Nothing
### Terrence D. Jorgensen & Yves Rosseel
### Last updated: 30 May 2024
### Pooled Wald test for multiple imputations
### Borrowed source code from lavaan/R/lav_test_Wald.R
##' Wald Test for Multiple Imputations
##'
##' Wald test for testing a linear hypothesis about the parameters of lavaan
##' models fitted to multiple imputed data sets. Statistics for constraining
##' one or more free parameters in a model can be calculated from the pooled
##' point estimates and asymptotic covariance matrix of model parameters
##' using Rubin's (1987) rules, or by pooling the Wald test statistics
##' across imputed data sets (Li, Meng, Raghunathan, & Rubin, 1991).
##'
##' The constraints are specified using the `"=="` operator.
##' Both the left-hand side and the right-hand side of the equality can contain
##' a linear combination of model parameters, or a constant (like zero).
##' The model parameters must be specified by their user-specified labels from
##' the \code{link[lavaan]{model.syntax}}. Names of defined parameters
##' (using the ":=" operator) can be included too.
##'
##' @aliases lavTestWald.mi
##' @importFrom lavaan parTable lavListInspect
##' @importFrom stats pchisq pf
##'
##' @param object An object of class [lavaan.mi-class].
##' @param constraints A `character` string (typically between single
##' quotes) containing one or more equality constraints.
##' See examples for more details
##' @param pool.method `character` indicating which pooling method to use.
##' `"D1"` or `"Rubin"` (default) indicates Rubin's (1987) rules
##' will be applied to the point estimates and the asymptotic covariance
##' matrix of model parameters, and those pooled values will be used to
##' calculate the Wald test in the usual manner. `"D2"`, `"LMRR"`,
##' or `"Li.et.al"` indicate that the complete-data Wald test statistic
##' should be calculated using each imputed data set, which will then be
##' pooled across imputations, as described in Li, Meng, Raghunathan, & Rubin
##' (1991) and Enders (2010, chapter 8).
##' @param asymptotic `logical`. If `FALSE` (default), the pooled test
##' will be returned as an *F*-distributed statistic with numerator
##' (`df1`) and denominator (`df2`) degrees of freedom.
##' If `TRUE`, the pooled *F* statistic will be multiplied by its
##' `df1` on the assumption that its `df2` is sufficiently large
##' enough that the statistic will be asymptotically \eqn{\chi^2} distributed
##' with `df1`.
##' @param scale.W `logical`. If `FALSE`, the pooled
##' asymptotic covariance matrix of model parameters is calculated as the
##' weighted sum of the within-imputation and between-imputation components.
##' Otherwise, the pooled asymptotic covariance matrix of model parameters is
##' calculated by scaling the within-imputation component by the
##' average relative increase in variance (ARIV; see Enders, 2010, p. 235),
##' which is *only* consistent when requesting the *F* test (i.e.,
##' `asymptotic = FALSE`. Ignored (irrelevant) if `pool.method = "D2"`.
##' @param omit.imps `character` vector specifying criteria for omitting
##' imputations from pooled results.
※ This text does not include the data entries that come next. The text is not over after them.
Lemma peaks_insert_max m (t : 'S_m.+2) :
  peaks (insert_max t) + (is_peak t ord0 || is_peak t ord_max) = (peaks t).+1.
Proof.
have ne_0_max : (ord0 : 'I_m.+2) != ord_max by rewrite -val_eqE.
rewrite !peaks_sum big_ord_recr is_peak_insert_max [in RHS](bigD1 ord0) //.
rewrite [in RHS](bigD1 ord_max) //=.
set S := \sum_(j < m.+2 | (j != ord0) && (j != ord_max)) (is_peak t j : nat).
have -> : \sum_(j < m.+2) is_peak (insert_max t) (widen_ord (leqnSn _) j) = S.
  rewrite /S [RHS]big_mkcond; apply: eq_bigr => j _.
  have -> : widen_ord (leqnSn _) j = lift ord_max j by apply: ord_inj; rewrite lift_max.
  by rewrite is_peak_insert; case: (j != ord0); case: (j != ord_max).
have := not_peak_first_last t.
by case: (is_peak t ord0); case: (is_peak t ord_max) => //= _; lia.
Qed.

Definition peak_at_count n k (r : 'I_n) := \sum_(t : 'S_n) is_peak t r * (peaks t == k).

Lemma peak_at_count_rot n k (r : 'I_n) : peak_at_count k (ordS r) = peak_at_count k r.
Proof.
rewrite /peak_at_count -[RHS](sum_perm_rot (fun t => is_peak t r * (peaks t == k))).
by apply: eq_bigr => t _; rewrite is_peak_rot peaks_rot.
Qed.

Lemma sum_peak_at_count n k : \sum_(r < n) peak_at_count k r = k * peak_count n k.
Proof.
rewrite /peak_at_count exchange_big peak_count_sum big_distrr /=; apply: eq_bigr => t _.
by rewrite -big_distrl /= -peaks_sum; case: eqP => [->|]; rewrite ?muln1 ?muln0.
Qed.

Lemma sum_peak_first_last m k :
  m.+2 * \sum_(t : 'S_m.+2) (is_peak t ord0 || is_peak t ord_max) * (peaks t == k)
  = 2 * (k * peak_count m.+2 k).
Proof.
have -> : \sum_(t : 'S_m.+2) (is_peak t ord0 || is_peak t ord_max) * (peaks t == k)
          = peak_at_count k (ord0 : 'I_m.+2) + peak_at_count k (ord_max : 'I_m.+2).
  rewrite -big_split /=; apply: eq_bigr => t _; have := not_peak_first_last t.
  by case: (is_peak t ord0); case: (is_peak t ord_max) => //= _; lia.
have rot := @peak_at_count_rot m.+2 k.
rewrite -sum_peak_at_count (sum_ordS_invariant rot) (ordS_invariant_const rot ord_max); lia.
Qed.

(* n c(n+1, j+1) = (n+1) (2 (j+1) c(n, j+1) + (n - 2j) c(n, j)) for n = m+2,
   rearranged so that no truncated subtraction occurs. *)
Lemma peak_count_rec m j :
  m.+2 * peak_count m.+3 j.+1 + m.+3 * (2 * (j * peak_count m.+2 j))
  = m.+3 * (2 * (j.+1 * peak_count m.+2 j.+1) + m.+2 * peak_count m.+2 j).
Proof.
rewrite peak_count_insert_max.
set X := \sum_(t : 'S_m.+2) _.
have ends i := sum_peak_first_last m i.
have X_split : X + \sum_(t : 'S_m.+2) (is_peak t ord0 || is_peak t ord_max) * (peaks t == j)
    = \sum_(t : 'S_m.+2) (is_peak t ord0 || is_peak t ord_max) * (peaks t == j.+1)
      + peak_count m.+2 j.
  rewrite /X peak_count_sum -!big_split /=; apply: eq_bigr => t _.
  have := peaks_insert_max t; case: (_ || _) => /= ins_t.
    have -> : peaks (insert_max t) = peaks t by lia.
    by rewrite mul1n; case: eqP; case: eqP => //; lia.
  have -> : peaks (insert_max t) = (peaks t).+1 by lia.
  by rewrite !mul0n eqSS addn0.
have := ends j; have := ends j.+1; nia.
Qed.
(* Let $G=(V,E,C,\ell)$ be an edge-labeled graph with $V=\{1,\dots,n\}$ and two categories $C=\{1,2\}$. Construct a directed graph $G'$ with unit arc capacities (parallel arcs allowed, capacities added) on node set $V\cup\{s,t\}$: for every edge $\{i,j\}\in E$ with $i<j$, if $\ell(\{i,j\})=1$ add the arcs $(i,j)$ and $(j,t)$, and if $\ell(\{i,j\})=2$ add the arcs $(i,j)$ and $(s,i)$. Let $S^*\subseteq V\cup\{s,t\}$ with $s\in S^*$, $t\notin S^*$ minimize the total capacity of arcs $(a,b)$ with $a\in S^*$, $b\notin S^*$. Define the clustering $Y^*$ by $Y^*[i]=2$ if $i\in S^*$ and $Y^*[i]=1$ if $i\notin S^*$. Then $Y^*$ minimizes $\mathrm{CatEdgeClus}$ over all clusterings $V\to C$.
   Context: An edge-labeled graph $G=(V,E,C,\ell)$ consists of a finite node set $V$, a finite collection $E$ of edges (2-element subsets of $V$), a set $C$ of categories, and a labeling $\ell:E\to C$. For a clustering $Y:V\to C$, $m_Y(e)=1$ if some endpoint $i\in e$ has $Y[i]\neq\ell(e)$, else $0$; $\mathrm{CatEdgeClus}(Y)=\sum_{e\in E}m_Y(e)$. *)

From mathcomp Require Import all_boot.
Set Implicit Arguments. Unset Strict Implicit. Unset Printing Implicit Defensive.

Inductive categ := cat1 | cat2.
Definition cat_eqb (a b : categ) : bool :=
  match a, b with cat1, cat1 | cat2, cat2 => true | _, _ => false end.

(* An edge {i,j} with i < j together with its label: ((i, j), l). The
   edge collection E is a finite list (multiset, parallel edges allowed). *)
Definition edge n := ('I_n * 'I_n * categ)%type.

Definition edges_ok n (E : seq (edge n)) : bool :=
  all (fun e : edge n => (e.1.1 < e.1.2)%N) E.

Definition mistake n (Y : 'I_n -> categ) (e : edge n) : bool :=
  ~~ cat_eqb (Y e.1.1) e.2 || ~~ cat_eqb (Y e.1.2) e.2.

Definition CatEdgeClus n (E : seq (edge n)) (Y : 'I_n -> categ) : nat :=
  count (mistake Y) E.

Definition node n := ('I_n + bool)%type.
Definition src n : node n := inr true.
Definition snk n : node n := inr false.

Definition arcs_of_edge n (e : edge n) : seq (node n * node n) :=
  let: (i, j, l) := e in
  match l with
  | cat1 => [:: (inl i, inl j); (inl j, snk n)]
  | cat2 => [:: (inl i, inl j); (src n, inl i)]
  end.

Definition arcs n (E : seq (edge n)) : seq (node n * node n) :=
  flatten (map (@arcs_of_edge n) E).

Definition cut_cap n (E : seq (edge n)) (S : {set node n}) : nat :=
  count (fun a : node n * node n => (a.1 \in S) && (a.2 \notin S)) (arcs E).

Definition st_cut n (S : {set node n}) : Prop :=
  src n \in S /\ snk n \notin S.

Definition min_st_cut n (E : seq (edge n)) (S : {set node n}) : Prop :=
  st_cut S /\ forall S' : {set node n}, st_cut S' -> cut_cap E S <= cut_cap E S'.

Definition clustering_of_cut n (S : {set node n}) : 'I_n -> categ :=
  fun i => if inl i \in S then cat2 else cat1.

From mathcomp Require Import all_boot.

Set Implicit Arguments.
Unset Strict Implicit.
Unset Printing Implicit Defensive.

(* Every s-t cut S encodes the clustering "vertices in S get category 2", and
   conversely; under this correspondence each edge contributes to the cut
   capacity exactly as much as it contributes to CatEdgeClus: a 1-labelled
   edge {i,j} is cut iff i or j is in S (once through (i,j) when only i is,
   once through (j,t) when j is), symmetrically for 2-labelled edges.  Hence
   the capacity of a cut equals the number of mistakes of its clustering, and
   a minimum cut yields a minimum clustering. *)

Section CutClustering.

Variable n : nat.
Implicit Types (E : seq (edge n)) (S : {set node n}) (Y : 'I_n -> categ).

Definition cut_of_clustering Y : {set node n} :=
  [set x : node n | if x is inl i then cat_eqb (Y i) cat2 else x == src n].

Lemma st_cut_of_clustering Y : st_cut (cut_of_clustering Y).
Proof. by split; rewrite inE. Qed.

Lemma clustering_of_cutK Y : clustering_of_cut (cut_of_clustering Y) =1 Y.
Proof. by move=> i; rewrite /clustering_of_cut inE; case: (Y i). Qed.

Lemma eq_CatEdgeClus E Y Y' : Y =1 Y' -> CatEdgeClus E Y = CatEdgeClus E Y'.
Proof. by move=> eqY; apply: eq_count => e; rewrite /mistake !eqY. Qed.

Lemma cut_cap_arcs_of_edge S e : st_cut S ->
  count (fun a : node n * node n => (a.1 \in S) && (a.2 \notin S))
        (arcs_of_edge e)
  = mistake (clustering_of_cut S) e.
Proof.
case: e => [[i j] []] [s_in t_notin];
  rewrite /mistake /clustering_of_cut /= ?s_in ?t_notin;
  by case: (inl i \in S); case: (inl j \in S).
Qed.

Lemma cut_capE E S : st_cut S -> cut_cap E S = CatEdgeClus E (clustering_of_cut S).
Proof.
move=> stS; rewrite /cut_cap /arcs /CatEdgeClus.
by elim: E => //= e E IH; rewrite count_cat IH cut_cap_arcs_of_edge.
Qed.

End CutClustering.

Theorem mainTheorem11 (n : nat) (E : seq (edge n)) (S : {set node n}) :
  edges_ok E -> min_st_cut E S ->
  forall Y : 'I_n -> categ,
    CatEdgeClus E (clustering_of_cut S) <= CatEdgeClus E Y.
Proof.
move=> _ [stS S_min] Y.
have stY := st_cut_of_clustering Y.
rewrite -cut_capE // -(eq_CatEdgeClus E (clustering_of_cutK Y)) -cut_capE //.
exact: S_min.
Qed.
Can include any of
##' `c("no.conv", "no.se", "no.npd")`, the first 2 of which are the
##' default setting, which excludes any imputations that did not
##' converge or for which standard errors could not be computed. The
##' last option (`"no.npd"`) would exclude any imputations which
##' yielded a nonpositive definite covariance matrix for observed or
##' latent variables, which would include any "improper solutions" such
##' as Heywood cases. Specific imputation numbers can also be included in this
##' argument, in case users want to apply their own custom omission criteria
##' (or simulations can use different numbers of imputations without
##' redundantly refitting the model).
##' @param verbose `logical`. If `TRUE`, print the restriction
##' matrix and the estimated restricted values.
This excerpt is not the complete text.